*** Opening Given data ***
(** * A Hoelder inequality in primitive form *)

(* This is Hoelder's inequality for  int_0^1 w y, obtained by integrating
   Young's inequality (via [derivative_comparison]) and optimizing in d. *)
Lemma holder_primitive_form p q C (E dE w y k L l : R -> R) :
  1 < q -> / p + / q = 1 -> 0 <= C ->
  (forall s, 0 < s < 1 -> is_derive E s (dE s)) ->
  (forall s, 0 <= s <= 1 -> continuity_pt E s) ->
  (forall s, 0 < s < 1 -> is_derive k s (rpow (w s) p)) ->
  (forall s, 0 <= s <= 1 -> continuity_pt k s) ->
  (forall s, 0 < s < 1 -> is_derive L s (l s)) ->
  (forall s, 0 <= s <= 1 -> continuity_pt L s) ->
  (forall s, 0 <= s <= 1 -> 0 <= w s /\ 0 <= y s) ->
  (forall s, 0 <= s <= 1 -> Rabs (dE s) <= C * w s * y s) ->
  (forall s, 0 <= s <= 1 -> rpow (y s) q <= l s) ->
  0 < k 1 - k 0 ->
  Rabs (E 1 - E 0) <= C * rpow (k 1 - k 0) (/ p) * rpow (L 1 - L 0) (/ q).
Proof.
intros Hq Hpq HC HE CE Hk Ck HL CL Hwy Hb Hy Hk01.
pose proof (conjugate_exponent_eq p q Hq Hpq) as Hp_eq.
assert (Hp : 0 < p) by (rewrite Hp_eq; apply Rdiv_lt_0_compat; lra).
assert (HL01 : 0 <= L 1 - L 0).
{ eapply Rle_trans; [apply Rabs_pos | apply (derivative_comparison (fun _ => 0) (fun _ => 0) L l)]; auto.
  - intros; apply is_derive_Rconst.
  - intros; apply continuity_pt_const; intros ? ?; reflexivity.
  - intros s Hs. rewrite Rabs_R0. pose proof (rpow_ge0 (y s) q). pose proof (Hy s Hs). lra. }
apply optimize_young_param; auto. intros d Hd.
assert (Hdq : 0 < rpow d (q - 1)) by (rewrite rpow_pos by lra; apply Rpower_gt0).
set (c := / (q * rpow d (q - 1))).
apply (derivative_comparison E dE (fun s => C * (d / p * k s + c * L s))
         (fun s => C * (d / p * rpow (w s) p + c * l s)) HE) in CE.
- eapply Rle_trans; [exact CE | right]. unfold c. field. lra.
- intros s Hs. apply is_derive_Rscal, is_derive_Rplus; apply is_derive_Rscal; auto.
- intros s Hs. apply continuity_pt_Rscal, continuity_pt_Rplus; apply continuity_pt_Rscal; auto.
- intros s Hs. destruct (Hwy s Hs) as [Hw Hys].
  eapply Rle_trans; [apply Hb, Hs |]. rewrite Rmult_assoc. apply Rmult_le_compat_l; [exact HC |].
  eapply Rle_trans; [apply (young_param p q (w s) (y s) d); auto |].
  pose proof (Hy s Hs). unfold c. apply Rplus_le_compat; [right; field; lra |].
  unfold Rdiv. rewrite Rmult_comm. apply Rmult_le_compat_l; [left; apply Rinv_0_lt_compat; nra | lra].
Qed.

(* [abs_moment p lam] = int_0^1 |s - lam|^p ds, for lam in [0,1]. *)
Definition abs_moment (p lam : R) : R :=
  (rpow lam (p + 1) + rpow (1 - lam) (p + 1)) / (p + 1).
Lemma exists_last_flip n eta : 0 < n -> Omega n eta -> exists eta', last_flip n eta eta'.
Proof.
case: eta => z ds n_gt0 /andP[pos /eqP sum_n].
case/lastP: ds pos sum_n => [|s d]; first by move=> _ sum_n; rewrite /= in sum_n; lia.
rewrite all_rcons sumn_rcons => /andP[d_gt0 pos] sum_n; subst n.
case: d d_gt0 n_gt0 => [//|d] _ _; case: (posnP d) => [-> | d_gt0].
  case/lastP: s pos => [|s e] pos; first by exists (~~ z, [:: 1]); apply: last_flip_single.
  exists (z, rcons s e.+1); rewrite sumn_rcons addn1 -addnS.
  by apply: last_flip_merge; move: pos; rewrite all_rcons => /andP[].
by exists (z, rcons (rcons s d) 1); apply: last_flip_split.
Qed.

Theorem corollary3p9 (n k : nat) :
  1 <= n -> 1 <= k <= n ->
  exists eta : bool * seq nat,
    Omega n eta /\ eta <> eta_k n k /\
    fk k (mJ n (Jeta n eta)) = fk k (mJ n (Jeta n (eta_k n k))).
Proof.
move=> n_gt0 k_range; have Omega_k := Omega_eta_k k_range.
have [eta' [Omega' ne_eta' eq_vpt last']] := exists_last_flip n_gt0 Omega_k.
exists eta'; do 2 split => //.
rewrite !fk_mJ_Jeta // (eq_mJ _ (fun b => eq_Thead eq_vpt (An n b))); congr (_ + _)%R.
have [bs_L bs_nL] := blocksum_eta_k k_range.
have le_kn : k <= n by case/andP: k_range.
rewrite last' (vpt_n_Omega n_gt0 Omega_k) !fk_Tshift_axis_point //.
by rewrite bs_L bs_nL mulnC.
Qed.
Theorem optimal_branching_balanced :
  balanced (p * 2) N (m z) (fun y y' => dot (pull y) (pull y')).
Proof.
have uN : uniq N := filter_uniq _ (flow_uniq flowF).
have Nnbr : {in N, forall y, m z y != 0} by move=> y; rewrite mem_filter => /andP[].
have sumN : \sum_(y <- N) m z y = 0.
  rewrite big_filter big_mkcond (eq_bigr (m z)) => [|w _]; last by case: eqVneq => [->|].
  apply: oppr_inj; rewrite oppr0 -sumrN.
  under eq_bigr => w _ do rewrite -(flow_anti flowF).
  by rewrite -(flow_div flowF) kirchhoff_z subrr.
have pull_sum0 : \sum_(y <- N) pull y = 0.
  apply/eqP; rewrite -dotxx_eq0 eq_le dotxx_ge0 andbT.
  by have := optimal_pull_sqr_le uN Nnbr; rewrite sumN normr0 powR0 ?mulf_neq0 ?gt_eqF.
split=> // [y y'|y yN|y yN|y y' yN y'N yy'].
- exact: dotC.
- under eq_bigr => y' _ do rewrite dotC.
  by rewrite -dot_suml pull_sum0 dot0l.
- have zy : z != y by apply: contraTneq (Nnbr y yN) => <-; rewrite (flow_diag flowF) eqxx.
  have A_gt0 := edist_gt0 zy.
  rewrite /edge_pull dotZl dotZr -enorm_sqr -edistE edistC -powR_sqr//.
  by field; rewrite edistC gt_eqF.
have uyy' : uniq [:: y; y'] by rewrite /= inE yy'.
have yy'nbr : {in [:: y; y'], forall w, m z w != 0}.
  by move=> w; rewrite !inE => /orP[]/eqP->; apply: Nnbr.
have := optimal_pull_sqr_le uyy' yy'nbr; rewrite !big_cons !big_nil !addr0.
by rewrite dotDl !dotDr (dotC (pull y')); lra.
Qed.

End BranchingPoint.

Theorem corollary1 (R : realType) (d : nat) (p : R) :
  (2 <= d)%N -> 0 < p -> p < 2^-1 ->
  forall (S : seq (point R d)) (mup mum : point R d -> R),
    fin_measure_on S mup -> fin_measure_on S mum ->
    uniq S -> \sum_(x <- S) mup x = \sum_(x <- S) mum x ->
  forall F : flow R d, gilbert_steiner_solution p mup mum F ->
  forall z : point R d, branching_point mup mum F z ->
    vdeg F z != 0%N -> vdeg F z != 2%N -> vdeg F z = 3%N.
Proof.
move=> _ p_gt0 p_lt12 S mup mum _ _ _ _ F [flowF optF] z [zV [mup_z mum_z]].
have kirchhoff_z : mup z = mum z by rewrite mup_z mum_z.
have bal := optimal_branching_balanced p_gt0 flowF optF zV kirchhoff_z.
have q_gt0 : 0 < p * 2 by rewrite mulr_gt0.
have q_lt1 : p * 2 < 1 by lra.
have := balanced_size_le3 q_gt0 q_lt1 bal; have := balanced_size_neq1 bal.
rewrite /vdeg -size_filter.
by case: size => [|[|[|[|]]]].
Qed.
(* Let $\pi$ be an $r$-homogeneous strongly log-concave distribution with associated matroid $\mathcal{M}=(E,\mathcal{I})$ and weight function $w$, and let $I\in\mathcal{I}$ with $|I|\le r-2$. Let $f:E\setminus I\to\mathbb{R}$ be a function with $\mathbb{E}_{\pi_{I,1}}f=1$. Then $$f^{\top}W_I f\le w(I).$$
   Context: $\pi:2^{[n]}\to\mathbb{R}_{\ge0}$ has generating polynomial $g_\pi(x)=\sum_S\pi(S)\prod_{i\in S}x_i$; it is $r$-homogeneous if its support consists of $r$-sets; a polynomial with nonnegative coefficients is strongly log-concave if for every $J\subseteq[n]$, $\nabla^2\log(\partial_J p)$ is negative semidefinite at the all-ones vector; $\pi$ is strongly log-concave if $g_\pi$ is. The support $\mathcal{B}$ of such $\pi$ is the set of bases of a rank-$r$ matroid $\mathcal{M}=(E,\mathcal{I})$. Fix $Z_r>0$; weights: $w(I)=(r-|I|)!\,Z_r\sum_{B\in\mathcal{B},B\supseteq I}\pi(B)$ for $I\in\mathcal{I}$, and $w(I)=0$ for $I\notin\mathcal{I}$. The distribution $\pi_{I,1}$ on $E\setminus I$ is $\pi_{I,1}(v)=w(I\cup\{v\})/w(I)$ (supported on $v$ with $I\cup\{v\}\in\mathcal{I}$). $W_I$ is the matrix indexed by $E\setminus I$ with $(W_I)_{uv}=w(I\cup\{u,v\})$ for $u\ne v$ and zero diagonal. *)

From HB Require Import structures.
From mathcomp Require Import all_boot all_order all_algebra.
From mathcomp Require Import mpoly.
Set Implicit Arguments. Unset Strict Implicit. Unset Printing Implicit Defensive.
Import Order.TTheory GRing.Theory Num.Theory.
Local Open Scope ring_scope.

Section Defs.
Variables (R : realFieldType) (n : nat).

Definition gen_poly (pi : {set 'I_n} -> R) : {mpoly R[n]} :=
  \sum_(S : {set 'I_n}) pi S *: \prod_(i in S) 'X_i.

Definition partialJ (J : {set 'I_n}) (p : {mpoly R[n]}) : {mpoly R[n]} :=
  foldr (fun j q => mderiv j q) p (enum J).

Definition ones : 'I_n -> R := fun _ => 1.

Definition hess_log_at_ones (q : {mpoly R[n]}) (i j : 'I_n) : R :=
  (mderiv j (mderiv i q)).@[ones] / q.@[ones]
  - (mderiv i q).@[ones] * (mderiv j q).@[ones] / (q.@[ones] ^+ 2).

Definition nsd (H : 'I_n -> 'I_n -> R) : Prop :=
  forall v : 'I_n -> R, \sum_i \sum_j v i * H i j * v j <= 0.

(* strongly log-concave: nonnegative coefficients and for every J, the Hessian
   of log (d_J p) at 1 is NSD (vacuous when d_J p is the zero polynomial, where
   log is undefined; the zero polynomial is conventionally log-concave). *)
Definition strongly_log_concave (p : {mpoly R[n]}) : Prop :=
  (forall m, 0 <= p@_m) /\
  forall J : {set 'I_n}, partialJ J p != 0 -> nsd (hess_log_at_ones (partialJ J p)).

Definition homogeneous_dist (r : nat) (pi : {set 'I_n} -> R) : Prop :=
  forall S, pi S != 0 -> #|S| = r.

(* independent sets of the matroid whose bases are the support of pi *)
Definition indep (pi : {set 'I_n} -> R) (I : {set 'I_n}) : bool :=
  [exists B : {set 'I_n}, (pi B != 0) && (I \subset B)].

Definition weight (r : nat) (Zr : R) (pi : {set 'I_n} -> R) (I : {set 'I_n}) : R :=
  if indep pi I then
    ((r - #|I|)`!)%:R * Zr * \sum_(B : {set 'I_n} | (pi B != 0) && (I \subset B)) pi B
  else 0.

Definition pi_I1 (r : nat) (Zr : R) (pi : {set 'I_n} -> R) (I : {set 'I_n}) (v : 'I_n) : R :=
  weight r Zr pi (v |: I) / weight r Zr pi I.

Definition expect_I1 r Zr pi (I : {set 'I_n}) (f : 'I_n -> R) : R :=
  \sum_(v | v \notin I) pi_I1 r Zr pi I v * f v.

Definition W_I r Zr pi (I : {set 'I_n}) (u v : 'I_n) : R :=
  if u == v then 0 else weight r Zr pi (u |: (v |: I)).

Definition quadW r Zr pi (I : {set 'I_n}) (f : 'I_n -> R) : R :=
  \sum_(u | u \notin I) \sum_(v | v \notin I) f u * W_I r Zr pi I u v * f v.

End Defs.

(* Write q = sum_(B ⊇ I) pi(B), a_i and H_ij for the values at the all-ones
   point of d_I g, d_i d_I g and d_j d_i d_I g. Since g is multiaffine, these
   are sums of pi over the bases containing I, I + i and I + i + j, so up to
   factorials they are w(I), pi_{I,1} and W_I; r-homogeneity gives the Euler
   identities sum_i a_i = (r-|I|) q and sum_j H_ij = (r-|I|-1) a_i.  Strong
   log-concavity says that H/q - a a^T/q^2 is negative semidefinite.  Tested on
   v = f - 1, which is orthogonal to a because E f = 1, the rank-one part
   vanishes, so v^T H v <= 0; by the Euler identities this is
   f^T H f <= (r-|I|)(r-|I|-1) q, i.e. f^T W_I f <= w(I). *)

From HB Require Import structures.
From mathcomp Require Import all_boot all_order all_algebra.
From mathcomp Require Import mpoly.
From mathcomp Require Import ring lra zify.
Import Order.TTheory GRing.Theory Num.Theory.
Set Implicit Arguments. Unset Strict Implicit. Unset Printing Implicit Defensive.
Local Open Scope ring_scope.

Section SquareFreeMonomials.
Variables (R : comRingType) (n : nat).

Lemma mderivXU (i j : 'I_n) : ('X_i : {mpoly R[n]})^`M(j) = (i == j)%:R.
Proof.
rewrite mderivX mnm1E; case: eqP => [->|_]; last by rewrite scale0r.
have -> : (U_(j) - U_(j))%MM = 0%MM by apply/mnmP => k; rewrite mnmBE mnm0E subnn.
by rewrite mpolyX0 scale1r.
Qed.

Lemma mderiv_prodX_notin (j : 'I_n) (S : {set 'I_n}) : j \notin S ->
  (\prod_(i in S) ('X_i : {mpoly R[n]}))^`M(j) = 0.
Proof.
move=> jNS; apply: (big_ind (fun p => p^`M(j) = 0)).
- by rewrite -mpolyC1 mderivC.
- by move=> p p' dp dp'; rewrite mderivM dp dp' mul0r mulr0 addr0.
- by move=> i iS; rewrite mderivXU; case: eqP => // eij; rewrite -eij iS in jNS.
Qed.

Lemma mderiv_prodX (j : 'I_n) (S : {set 'I_n}) :
  (\prod_(i in S) ('X_i : {mpoly R[n]}))^`M(j) =
  if j \in S then \prod_(i in S :\ j) 'X_i else 0.
Proof.
case: ifPn => jS; last exact: mderiv_prodX_notin.
rewrite (bigD1 j) //= (eq_bigl (mem (S :\ j))) => [|i]; last by rewrite !inE andbC.
rewrite mderivM mderivXU eqxx mul1r mderiv_prodX_notin ?mulr0 ?addr0 //.
by rewrite setD11.
Qed.

End SquareFreeMonomials.

Section Masses.
Variables (R : realFieldType) (n : nat) (pi : {set 'I_n} -> R).

Definition mass_above (J : {set 'I_n}) : R := \sum_(S : {set 'I_n} | J \subset S) pi S.

Definition mass_grad (J : {set 'I_n}) (i : 'I_n) : R :=
  if i \in J then 0 else mass_above (i |: J).

Definition mass_hess (J : {set 'I_n}) (i j : 'I_n) : R :=
  if i \in J then 0 else mass_grad (i |: J) j.

Lemma mass_hess_sym (J : {set 'I_n}) (i j : 'I_n) :
  mass_hess J i j = mass_hess J j i.
Proof.
rewrite /mass_hess /mass_grad !in_setU1 [j == i]eq_sym.
case: (i \in J); case: (j \in J); rewrite ?orbT //=.
by case: eqP => // _; rewrite setUCA.
Qed.

Lemma mass_above_gt0 (J : {set 'I_n}) :
  (forall S, 0 <= pi S) -> indep pi J -> 0 < mass_above J.
Proof.
move=> pi_ge0 /existsP[B /andP[piB JB]]; rewrite /mass_above (bigD1 B) //=.
by rewrite ltr_pwDl ?sumr_ge0 // lt_def piB pi_ge0.
Qed.

Variable r : nat.
Hypothesis pi_hom : homogeneous_dist r pi.

Lemma sum_mass_grad (J : {set 'I_n}) :
  \sum_i mass_grad J i = (r - #|J|)%:R * mass_above J.
Proof.
rewrite /mass_grad /mass_above.
transitivity (\sum_i \sum_(B : {set 'I_n})
                (if (i \notin J) && (i |: J \subset B) then pi B else 0)).
  apply: eq_bigr => i _; case: (i \in J) => /=; first by rewrite big1.
  by rewrite big_mkcond.
rewrite exchange_big mulr_sumr [RHS]big_mkcond /=; apply: eq_bigr => B _.
case: (boolP (J \subset B)) => JB; last first.
  by apply: big1 => i _; rewrite subUset (negbTE JB) !andbF.
under eq_bigr do rewrite subUset sub1set JB andbT -in_setD.
rewrite -big_mkcond sumr_const cardsD (setIidPr JB).
by case: (eqVneq (pi B) 0) => [->|/pi_hom ->]; rewrite ?mul0rn ?mulr0 // mulr_natl.
Qed.

Lemma sum_mass_hess (J : {set 'I_n}) (i : 'I_n) :
  \sum_j mass_hess J i j = (r - #|J|).-1%:R * mass_grad J i.
Proof.
rewrite /mass_hess /mass_grad; case: ifPn => iJ; first by rewrite big1 ?mulr0.
by rewrite sum_mass_grad cardsU1 iJ subnS.
Qed.

End Masses.

Section GeneratingPolynomial.
Variables (R : realFieldType) (n : nat) (pi : {set 'I_n} -> R).

Definition gen_poly_above (J : {set 'I_n}) : {mpoly R[n]} :=
  \sum_(S : {set 'I_n} | J \subset S) pi S *: \prod_(i in S :\: J) 'X_i.

Lemma gen_poly_above0 : gen_poly_above set0 = gen_poly pi.
Proof.
rewrite /gen_poly_above (eq_bigl predT) => [|S]; last by rewrite sub0set.
by apply: eq_bigr => S _; rewrite setD0.
Qed.

Lemma mderiv_gen_poly_above (j : 'I_n) (J : {set 'I_n}) :
  (gen_poly_above J)^`M(j) = if j \in J then 0 else gen_poly_above (j |: J).
Proof.
rewrite /gen_poly_above raddf_sum /=.
under eq_bigr do rewrite mderivZ mderiv_prodX.
case: ifPn => jJ; first by apply: big1 => S _; rewrite inE jJ scaler0.
rewrite big_mkcond [RHS]big_mkcond; apply: eq_bigr => S _ /=.
rewrite inE (negbTE jJ) subUset sub1set.
case: (j \in S); case: (J \subset S); rewrite ?scaler0 //=.
by rewrite setDDl setUC.
Qed.

Lemma partialJ_gen_poly (J : {set 'I_n}) :
  partialJ J (gen_poly pi) = gen_poly_above J.
Proof.
suff foldrE s : uniq s ->
    foldr (fun j q => q^`M(j)) (gen_poly pi) s = gen_poly_above [set x in s].
  rewrite /partialJ foldrE ?enum_uniq //; congr (gen_poly_above _).
  by apply/setP => i; rewrite inE mem_enum.
elim: s => [_|j s IHs] /=.
  by rewrite -gen_poly_above0; congr (gen_poly_above _); apply/setP => i; rewrite !inE.
move=> /andP[jNs s_uniq]; rewrite IHs // mderiv_gen_poly_above inE (negbTE jNs).
by congr (gen_poly_above _); apply/setP => i; rewrite !inE.
Qed.

Lemma meval_gen_poly_above (J : {set 'I_n}) :
  (gen_poly_above J).@[@ones R n] = mass_above pi J.
Proof.
rewrite /gen_poly_above raddf_sum /=; apply: eq_bigr => S _.
by rewrite mevalZ rmorph_prod big1 ?mulr1 // => i _ /=; rewrite mevalXU.
Qed.

Lemma meval_mderiv_gen_poly_above (J : {set 'I_n}) (i : 'I_n) :
  ((gen_poly_above J)^`M(i)).@[@ones R n] = mass_grad pi J i.
Proof.
rewrite mderiv_gen_poly_above /mass_grad.
by case: ifP; rewrite ?meval0 ?meval_gen_poly_above.
Qed.

Lemma hess_log_gen_poly_above (J : {set 'I_n}) (i j : 'I_n) :
  hess_log_at_ones (gen_poly_above J) i j =
  mass_hess pi J i j / mass_above pi J
  - mass_grad pi J i * mass_grad pi J j / mass_above pi J ^+ 2.
Proof.
rewrite /hess_log_at_ones /mass_hess !meval_mderiv_gen_poly_above meval_gen_poly_above.
rewrite mderiv_gen_poly_above.
by case: ifP; rewrite ?mderiv0 ?meval0 ?meval_mderiv_gen_poly_above.
Qed.

End GeneratingPolynomial.

Section QuadraticForms.
Variables (R : realFieldType) (T : finType).
Implicit Types (a f v : T -> R) (H : T -> T -> R).

Lemma quad_form_subr1 H f : (forall i j, H i j = H j i) ->
  \sum_i \sum_j (f i - 1) * H i j * (f j - 1) =
  \sum_i \sum_j f i * H i j * f j - (\sum_i (\sum_j H i j) * f i) *+ 2
  + \sum_i \sum_j H i j.
Proof.
move=> H_sym.
have rowE : \sum_i \sum_j f i * H i j = \sum_i (\sum_j H i j) * f i.
  by apply: eq_bigr => i _; rewrite mulr_suml; apply: eq_bigr => j _; rewrite mulrC.
have colE : \sum_i \sum_j H i j * f j = \sum_i (\sum_j H i j) * f i.
  rewrite exchange_big; apply: eq_bigr => j _; rewrite mulr_suml.
  by apply: eq_bigr => i _; rewrite H_sym.
transitivity (\sum_i \sum_j f i * H i j * f j - \sum_i \sum_j f i * H i j
              - \sum_i \sum_j H i j * f j + \sum_i \sum_j H i j).
  rewrite -!sumrB -big_split; apply: eq_bigr => i _ /=.
  by rewrite -!sumrB -big_split; apply: eq_bigr => j _ /=; ring.
by rewrite rowE colE mulr2n opprD addrA.
Qed.

Lemma quad_form_rank1_orth H (a v : T -> R) (q : R) :
  \sum_i a i * v i = 0 ->
  \sum_i \sum_j v i * (H i j / q - a i * a j / q ^+ 2) * v j =
  (\sum_i \sum_j v i * H i j * v j) / q.
Proof.
move=> av0; rewrite mulr_suml; apply: eq_bigr => i _; rewrite mulr_suml.
transitivity (\sum_j v i * H i j * v j / q - v i * a i / q ^+ 2 * \sum_j a j * v j).
  by rewrite mulr_sumr -sumrB; apply: eq_bigr => j _; ring.
by rewrite av0 mulr0 subr0.
Qed.

Lemma quad_form_bound_of_log_hess H a f (q d : R) :
  0 < q -> \sum_i a i = d * q -> (forall i, \sum_j H i j = (d - 1) * a i) ->
  (forall i j, H i j = H j i) -> \sum_i a i * f i = \sum_i a i ->
  \sum_i \sum_j (f i - 1) * (H i j / q - a i * a j / q ^+ 2) * (f j - 1) <= 0 ->
  \sum_i \sum_j f i * H i j * f j <= d * (d - 1) * q.
Proof.
move=> q_gt0 sum_a row_sum H_sym mean_f.
have a_orth : \sum_i a i * (f i - 1) = 0.
  by rewrite -[RHS](subrr (\sum_i a i)) -{1}mean_f -sumrB; apply: eq_bigr => i _; ring.
have rows_f : \sum_i (\sum_j H i j) * f i = (d - 1) * (d * q).
  by rewrite -sum_a -mean_f mulr_sumr; apply: eq_bigr => i _; rewrite row_sum mulrA.
have rows : \sum_i \sum_j H i j = (d - 1) * (d * q).
  by rewrite -sum_a mulr_sumr; apply: eq_bigr => i _; rewrite row_sum.
rewrite quad_form_rank1_orth // ler_pdivrMr // mul0r quad_form_subr1 // rows_f rows.
lra.
Qed.

End QuadraticForms.

Section Weights.
Variables (R : realFieldType) (n r : nat) (pi : {set 'I_n} -> R) (Zr : R).


Lemma weightE (J : {set 'I_n}) :
  weight r Zr pi J = (r - #|J|)`!%:R * Zr * mass_above pi J.
Proof.
rewrite /weight /mass_above; case: ifP => J_indep.
  congr (_ * _); rewrite big_mkcond [RHS]big_mkcond; apply: eq_bigr => B _ /=.
  by case: eqVneq => [->|]; case: (J \subset B).
rewrite big1 ?mulr0 // => B JB; apply: contraFeq J_indep => piB.
by apply/existsP; exists B; rewrite piB JB.
Qed.

Lemma quadW_mass (I : {set 'I_n}) (f : 'I_n -> R) :
  quadW r Zr pi I f =
  (r - #|I|).-2`!%:R * Zr * \sum_i \sum_j f i * mass_hess pi I i j * f j.
Proof.
rewrite /quadW mulr_sumr big_mkcond; apply: eq_bigr => u _ /=.
case: (boolP (u \in I)) => uI /=.
  by rewrite /mass_hess uI big1 ?mulr0 // => v _; rewrite mul0r.
rewrite mulr_sumr big_mkcond; apply: eq_bigr => v _ /=.
rewrite /W_I /mass_hess /mass_grad (negbTE uI) in_setU1 [v == u]eq_sym.
case: (boolP (v \in I)) => vI /=; first by rewrite orbT !(mulr0, mul0r).
case: eqVneq => [->|neq_uv] /=; first by rewrite !(mulr0, mul0r).
rewrite weightE !cardsU1 in_setU1 (negbTE neq_uv) (negbTE uI) (negbTE vI) /=.
by rewrite !subnS setUCA; ring.
Qed.


Hypothesis pi_hom : homogeneous_dist r pi.

Lemma expect_I1_mass (I : {set 'I_n}) (f : 'I_n -> R) :
  Zr != 0 -> (#|I| < r)%N ->
  expect_I1 r Zr pi I f = (\sum_i mass_grad pi I i * f i) / \sum_i mass_grad pi I i.
Proof.
move=> Zr_neq0 I_lt_r; rewrite (sum_mass_grad pi_hom) /expect_I1 mulr_suml big_mkcond.
apply: eq_bigr => v _; rewrite /mass_grad /pi_I1.
case: (boolP (v \in I)) => vI /=; first by rewrite !mul0r.
have [k card_k] : exists k, (r - #|I| = k.+1)%N.
  by exists (r - #|I|).-1; rewrite prednK // subn_gt0.
rewrite !weightE cardsU1 vI subnS card_k factS natrM /=.
case: (eqVneq (mass_above pi I) 0) => [->|mass_neq0].
  by rewrite !(mulr0, invr0, mul0r).
by field; rewrite mass_neq0 Zr_neq0 nat1r !pnatr_eq0 -!lt0n fact_gt0.
Qed.

End Weights.

Theorem lemma2p4 (R : realFieldType) (n r : nat) (pi : {set 'I_n} -> R) (Zr : R)
  (pi_ge0 : forall S, 0 <= pi S)
  (pi_hom : homogeneous_dist r pi)
  (pi_slc : strongly_log_concave (gen_poly pi))
  (Zr_gt0 : 0 < Zr)
  (I : {set 'I_n}) (I_indep : indep pi I) (I_card : (#|I| + 2 <= r)%N)
  (f : 'I_n -> R) (f_mean : expect_I1 r Zr pi I f = 1) :
  quadW r Zr pi I f <= weight r Zr pi I.
Proof.
have [m card_m] : exists m, (r - #|I| = m.+2)%N by exists (r - #|I| - 2)%N; lia.
have d_pred : (m.+2)%:R - 1 = (m.+1)%:R :> R by rewrite -natr1 addrK.
have mass_gt0 := mass_above_gt0 pi_ge0 I_indep.
have hess_nsd : nsd (hess_log_at_ones (gen_poly_above pi I)).
  rewrite -partialJ_gen_poly; apply: pi_slc.2; rewrite partialJ_gen_poly.
  by apply: contraTneq mass_gt0 => P0; rewrite -meval_gen_poly_above P0 meval0 ltxx.
have sum_grad := sum_mass_grad pi_hom I; rewrite card_m in sum_grad.
have row_sum i : \sum_j mass_hess pi I i j = ((m.+2)%:R - 1) * mass_grad pi I i.
  by rewrite (sum_mass_hess pi_hom) card_m d_pred.
have mean_f : \sum_i mass_grad pi I i * f i = \sum_i mass_grad pi I i.
  apply: divr1_eq; rewrite -(expect_I1_mass pi_hom f (lt0r_neq0 Zr_gt0)) //; lia.
have := hess_nsd (fun i => f i - 1).
under eq_bigr do under eq_bigr do rewrite hess_log_gen_poly_above.
move=> /(quad_form_bound_of_log_hess mass_gt0 sum_grad row_sum (mass_hess_sym pi I)).
move=> /(_ mean_f) bound.
have -> : weight r Zr pi I =
          m`!%:R * Zr * ((m.+2)%:R * ((m.+2)%:R - 1) * mass_above pi I).
  by rewrite weightE card_m d_pred !factS !natrM; ring.
by rewrite quadW_mass card_m; apply: ler_wpM2l => //; rewrite mulr_ge0 ?ler0n ?ltW.
Qed.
*** Closing Given data ***
• What is required:
Reproduce exactly the lines above from the line with "rewrite /hess_log_at_ones /mass_hess" to the line with "0 < q -> \sum_i", including both, and add nothing.

• Exercise answer:
rewrite /hess_log_at_ones /mass_hess !meval_mderiv_gen_poly_above meval_gen_poly_above.
rewrite mderiv_gen_poly_above.
by case: ifP; rewrite ?mderiv0 ?meval0 ?meval_mderiv_gen_poly_above.
Qed.

End GeneratingPolynomial.

Section QuadraticForms.
Variables (R : realFieldType) (T : finType).
Implicit Types (a f v : T -> R) (H : T -> T -> R).

Lemma quad_form_subr1 H f : (forall i j, H i j = H j i) ->
  \sum_i \sum_j (f i - 1) * H i j * (f j - 1) =
  \sum_i \sum_j f i * H i j * f j - (\sum_i (\sum_j H i j) * f i) *+ 2
  + \sum_i \sum_j H i j.
Proof.
move=> H_sym.
have rowE : \sum_i \sum_j f i * H i j = \sum_i (\sum_j H i j) * f i.
  by apply: eq_bigr => i _; rewrite mulr_suml; apply: eq_bigr => j _; rewrite mulrC.
have colE : \sum_i \sum_j H i j * f j = \sum_i (\sum_j H i j) * f i.
  rewrite exchange_big; apply: eq_bigr => j _; rewrite mulr_suml.
  by apply: eq_bigr => i _; rewrite H_sym.
transitivity (\sum_i \sum_j f i * H i j * f j - \sum_i \sum_j f i * H i j
              - \sum_i \sum_j H i j * f j + \sum_i \sum_j H i j).
  rewrite -!sumrB -big_split; apply: eq_bigr => i _ /=.
  by rewrite -!sumrB -big_split; apply: eq_bigr => j _ /=; ring.
by rewrite rowE colE mulr2n opprD addrA.
Qed.

Lemma quad_form_rank1_orth H (a v : T -> R) (q : R) :
  \sum_i a i * v i = 0 ->
  \sum_i \sum_j v i * (H i j / q - a i * a j / q ^+ 2) * v j =
  (\sum_i \sum_j v i * H i j * v j) / q.
Proof.
move=> av0; rewrite mulr_suml; apply: eq_bigr => i _; rewrite mulr_suml.
transitivity (\sum_j v i * H i j * v j / q - v i * a i / q ^+ 2 * \sum_j a j * v j).
  by rewrite mulr_sumr -sumrB; apply: eq_bigr => j _; ring.
by rewrite av0 mulr0 subr0.
Qed.

Lemma quad_form_bound_of_log_hess H a f (q d : R) :
  0 < q -> \sum_i a i = d * q -> (forall i, \sum_j H i j = (d - 1) * a i) ->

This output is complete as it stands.